───── INPUT DATA ─────

(* If [s] is in [Gam k] but moves a hole [h] of [J k] off its [Gam k.+1]-coset, then
   [s * h] lies in the [Gam k.+1]-coset of a hole of [J k.+1], where [eta] is
   [alpha r k.+2], whereas [s] maps the [alpha r k.+1]-periodic part to itself. *)
Lemma Per_eta_stab n s : (forall a, (1 <= a <= r)%N ->
    lcoset s (Per eta (Gam n) a) = Per eta (Gam n) a) -> Gam n s.
Proof.
move=> Hst; suff : forall k, (k <= n)%N -> Gam k s by apply.
elim=> [|k IH] kn; first by rewrite Gam0.
have [h Jh] := J_nonempty k.
suff Gh : Gam k.+1 (h^-1 * (s * h)) by have := GamJV h Gh; group_simpl.
apply: contrapT => nG.
have Gk : Gam k (h^-1 * (s * h)) by rewrite mulgA; exact/GamJ/IH/ltnW.
have [c [Dc Gc]] := D_rep k.+1 (s * h).
have Jc := J_succ Jh Gk nG Dc Gc.
have := eta_J Jc (Gam1 k.+2); rewrite mulg1 => eta_c.
have Pc : Per eta (Gam n) (alpha r k.+1) c.
  rewrite -Hst; last exact: alpha_range.
  apply/lcosetP; apply: (J_coset_Per kn Jh).
  have -> : h^-1 * (s^-1 * c) = (c^-1 * (s * h))^-1 by group_simpl.
  exact: GamV.
by apply: (@alpha_succ_neq k); rewrite -eta_c (Per_val (Gam_subgroup n) Pc).
Qed.

Definition factor z n : set G := [set w | forall a, (1 <= a <= r)%N ->
  Per z (Gam n) a = lcoset w (Per eta (Gam n) a)].

Lemma factor_lcoset z n w : factor z n w -> factor z n = lcoset w (Gam n).
Proof.
move=> Hw; rewrite lcosetE; apply/seteqP; split => w' /=.
  move=> Hw'; apply: Per_eta_stab => a ra.
  by rewrite -lcosetM; apply/esym/lcoset_eqVl; rewrite -(Hw a ra) -(Hw' a ra).
move=> Gw a ra; rewrite Hw //.
have -> : w' = w * (w^-1 * w') by group_simpl.
by rewrite -lcosetM [lcoset (w^-1 * w') _]lcoset_Per //; exact: Gam_subgroup.
Qed.

Lemma factor_shift g z n : factor (shift g z) n = lcoset g (factor z n).
Proof.
rewrite lcosetE; apply/seteqP; split => w /= P a ra; have := P a ra;
  rewrite Per_shift; try exact: Gam_normal.
  by rewrite lcoset_eqVl lcosetM.
by move=> ->; rewrite lcosetM mulVKg.
Qed.

Lemma factor_decr z m n : (m <= n)%N -> factor z n `<=` factor z m.
Proof.
move=> mn w Hw a ra; apply: Per_lcoset_sub_subgroup (Hw a ra).
- exact: Gam_subgroup.
- exact: Gam_normal.
- exact: Gam_subgroup.
- exact: Gam_decr.
Qed.

Lemma factor_act g z : factor (shift g z) = odo_act g (factor z).
Proof. by apply: funext => n; rewrite factor_shift. Qed.

Variable i : nat.

Lemma AsetP z : Aset Gam D r eta i z <->
  forall g, exists k, forall l, (k <= l)%N ->
    exists v, D (i + l * r)%N v /\ Cset2 Gam D r eta (i + l * r)%N i (shift (v * g^-1) z).
Proof.
split => [A g|A g _].
  have [k _ Hk] := A g I; exists k => l kl.
  have /image_shiftP [v Dv /image_shiftP] := Hk l kl.
  by rewrite invgK shiftM; exists v.
have [k Hk] := A g; exists k => // l kl; apply/image_shiftP.
have [v [Dv C]] := Hk l kl.
by exists v => //; apply/image_shiftP; rewrite invgK shiftM.
Qed.

Lemma Aset_factor z m : Aset Gam D r eta i z -> exists w, factor z m w.
Proof.
move=> /AsetP /(_ 1) [k Hk].
have [v [Dv [[_ Cy] _]]] := Hk (maxn k m) (leq_maxl _ _).
rewrite invg1 mulg1 in Cy.
exists v^-1; apply: (@factor_decr _ _ (i + maxn k m * r)%N).
  by have := leq_maxr k m; nia.
move=> a ra; rewrite -(Cy a ra) Per_shift ?lcosetM ?mulVg ?lcoset1 //; exact: Gam_normal.
Qed.

Lemma factor_odometer z : Aset Gam D r eta i z -> odometer Gam (factor z).
Proof.
move=> Az; split => n; last exact: factor_decr.
by have [w Hw] := Aset_factor n Az; exists w; exact: factor_lcoset.
Qed.

Hypothesis i_range : (1 <= i <= r)%N.

(* A point outside every periodic part of [z] is, far enough in the construction,
   a hole of some [J (i + l * r)] after translation, and there [z] takes the value [i]. *)
Lemma Aset_hole z h : Aset Gam D r eta i z ->
  (forall n a, (1 <= a <= r)%N -> ~ Per z (Gam n) a h) -> z h = i.
Proof.
move=> /AsetP /(_ h) [k Hk] nP.
have [v [Dv [[_ Cy] Jy]]] := Hk k (leqnn k).
move: Dv Cy Jy; case En: (i + k * r)%N => [|n]; first by lia.
move=> Dv Cy Jy.
have Jv : J Gam D n.+1 v.
  rewrite JS; split => // /U_Per [a [ra Pa]]; apply: (nP n.+1 a ra).
  move: Pa; rewrite -Cy // Per_shift => [/lcosetP|]; last exact: Gam_normal.
  by group_simpl.
by have := Jy v Jv; rewrite /shift; group_simpl.
Qed.

Definition coset_Per (o : nat -> set G) h a : Prop :=
  exists n c, o n = lcoset c (Gam n) /\ Per eta (Gam n) a (c^-1 * h).

(* Reads a configuration off a point [o] of the odometer: [h] gets the symbol [a] if
   it lies in the translate by [o n] of the [a]-periodic part of [eta] at some level
   [n], and the symbol [i] otherwise. *)
Definition factor_inv (o : nat -> set G) : G -> nat :=
  fun h => first_sat (coset_Per o h) (iota 1 r) i.

Lemma coset_Per_act g o h a : coset_Per (odo_act g o) h a <-> coset_Per o (g^-1 * h) a.
Proof.
split=> -[n [c [e P]]]; exists n.
  exists (g^-1 * c); split; last by group_simpl.
  by rewrite -lcosetM -e /odo_act lcosetM mulVg lcoset1.
by exists (g * c); split; [rewrite /odo_act e lcosetM|move: P; group_simpl].
Qed.

Lemma factor_inv_act g o : factor_inv (odo_act g o) = shift g (factor_inv o).
Proof.
apply: funext => h; rewrite /factor_inv /shift; congr first_sat.
by apply: funext => a; rewrite (propext (coset_Per_act g o h a)).
Qed.

Lemma factor_invK z : Aset Gam D r eta i z -> factor_inv (factor z) = z.
Proof.
move=> Az; apply: funext => h; rewrite /factor_inv.
case: (first_satP (coset_Per (factor z) h) (iota 1 r) i) => [[a [+ [n [c [fc Pc]]] ->]]|[-> nP]].
  rewrite mem_iota => ra; have : factor z n c by rewrite fc; exact/lcoset_refl/Gam_subgroup.
  have {}ra : (1 <= a <= r)%N by lia.
  move=> /(_ a ra) Pz.
  by apply/esym/(Per_val (Gam_subgroup n)); rewrite Pz; apply/lcosetP.
apply/esym/(Aset_hole Az) => n a ra Pz; have [w Hw] := Aset_factor n Az.
apply: (nP a); first by rewrite mem_iota; lia.
exists n, w; split; first exact: factor_lcoset.
by move: Pz; rewrite (Hw a ra) => /lcosetP.
Qed.

End ToeplitzStructure.

Section Measurability.
Variable G : groupType.
Hypothesis G_countable : countable [set: G].
Implicit Types (H : set G) (a : nat).

Lemma measurable_cylG g b : measurable [set x : configT G | x g = b].
Proof. by apply: sub_sigma_algebra; exists g, b. Qed.

Lemma measurable_cylO n (C : set G) : measurable [set o : odoT G | o n = C].
Proof. by apply: sub_sigma_algebra; exists n, C. Qed.

Lemma measurable_Per H a h : measurable [set x : configT G | Per x H a h].
Proof.
apply: (measurable_setAll (P := fun c (x : configT G) => H c -> x (c * h) = a)) => // c.
by apply: measurable_setImp; [exact: measurable_setP|exact: measurable_cylG].
Qed.

Lemma measurable_Per_eq H a (S : set G) : measurable [set x : configT G | Per x H a = S].
Proof.
rewrite (_ : [set x | _] = [set x : configT G | forall h, Per x H a h <-> S h]).
  apply: measurable_setAll => // h.
  by apply: measurable_setIff; [exact: measurable_Per|exact: measurable_setP].
apply/seteqP; split => x /=; first by move=> ->.
by move=> HS; apply/seteqP; split => h /HS.
Qed.

Lemma measurable_shift w : measurable_fun setT (shift w : configT G -> configT G).
Proof.
apply: (@measurability _ _ (configT G) (configT G) setT _ (@cylG G)) => //.
move=> _ [_ [g [b ->]] <-]; rewrite setTI.
by rewrite (_ : _ @^-1` _ = [set x : configT G | x (w^-1 * g) = b]) //; exact: measurable_cylG.
Qed.

Lemma measurable_preimage_shift w (A : set (configT G)) : measurable A ->
  measurable [set x : configT G | A (shift w x)].
Proof. by move=> mA; have := measurable_shift w measurableT mA; rewrite setTI. Qed.

(* Enumerating [G] as [e 0, e 1, ...], it suffices to test agreement with a translate
   of [eta] on the initial segments [e 0, ..., e N]. *)
Lemma measurable_orbit_closure eta : measurable (orbit_closure eta : set (configT G)).
Proof.
have /countable_injP [f finj] := G_countable.
pose e n := xget 1 [set g | f g = n].
have eK g : e (f g) = g.
  have : [set g' | f g' = f g] (e (f g)) by apply: xgetPex; exists g.
  by move=> /= efg; apply: finj; rewrite ?in_setE.
rewrite (_ : orbit_closure eta = [set x : configT G | forall N, exists g,
    forall k, (k <= N)%N -> x (e k) = shift g eta (e k)]).
  apply: measurable_setAll => [|N]; first exact: countableP.
  apply: measurable_setEx => // g; apply: measurable_setAll => [|k]; first exact: countableP.
  by apply: measurable_setImp; [exact: measurable_setP|exact: measurable_cylG].
apply/seteqP; split => x /= H.
  move=> N; have [g Hg] := H [set e k | k in `I_N.+1] (finite_image _ (finite_II _)).
  by exists g => k kN; rewrite Hg //; exists k => //=; rewrite /= ltnS.
move=> F /finite_seqP [s ->]; have [g Hg] := H (\max_(h <- s) f h)%N; exists g => h hs.
have := Hg (f h) (@leq_bigmax_seq _ s xpredT (fun h => f h) h hs isT).
by rewrite eK => ->.
Qed.

Lemma measurable_odometer (Gam : nat -> set G) : measurable (odometer Gam : set (odoT G)).
Proof.
rewrite (_ : odometer Gam = [set o : odoT G | forall n, exists c c',
   o n = lcoset c (Gam n) /\ o n.+1 = lcoset c' (Gam n.+1) /\
   lcoset c' (Gam n.+1) `<=` lcoset c (Gam n)]).
  apply: measurable_setAll => [|n]; first exact: countableP.
  apply: measurable_setEx => // c; apply: measurable_setEx => // c'.
  apply: measurableI; first exact: measurable_cylO.
  by apply: measurableI; [exact: measurable_cylO|exact: measurable_setP].
apply/seteqP; split => o /=.
  move=> [Ho Hdecr] n; have [c on] := Ho n; have [c' on'] := Ho n.+1.
  by exists c, c'; rewrite -on -on'; split.
move=> H; split => n; first by have [c [c' [-> _]]] := H n; exists c.
by have [c [c' [-> [-> ?]]]] := H n.
Qed.

End Measurability.

Section OdometerMeasure.
Variable G : groupType.
Variables (Gam D : nat -> set G).
Hypothesis HGD : setting Gam D.
Hypothesis G_countable : countable [set: G].
Variable R : realType.
Local Open Scope ereal_scope.

Definition odo_cyl N c : set (odoT G) := [set o | odometer Gam o /\ o N = lcoset c (Gam N)].

Definition odo_constr N (M : nat -> bool) (C : nat -> set G) : set (odoT G) :=
  [set o | forall k, (k < N)%N -> M k -> o k = C k].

─────

• REQUIRED WORK
Which lines of the data include the word "funext"? Copy each one.

• REPLY TO THE TASK
Proof. by apply: funext => n; rewrite factor_shift. Qed.
apply: funext => h; rewrite /factor_inv /shift; congr first_sat.
by apply: funext => a; rewrite (propext (coset_Per_act g o h a)).
move=> Az; apply: funext => h; rewrite /factor_inv.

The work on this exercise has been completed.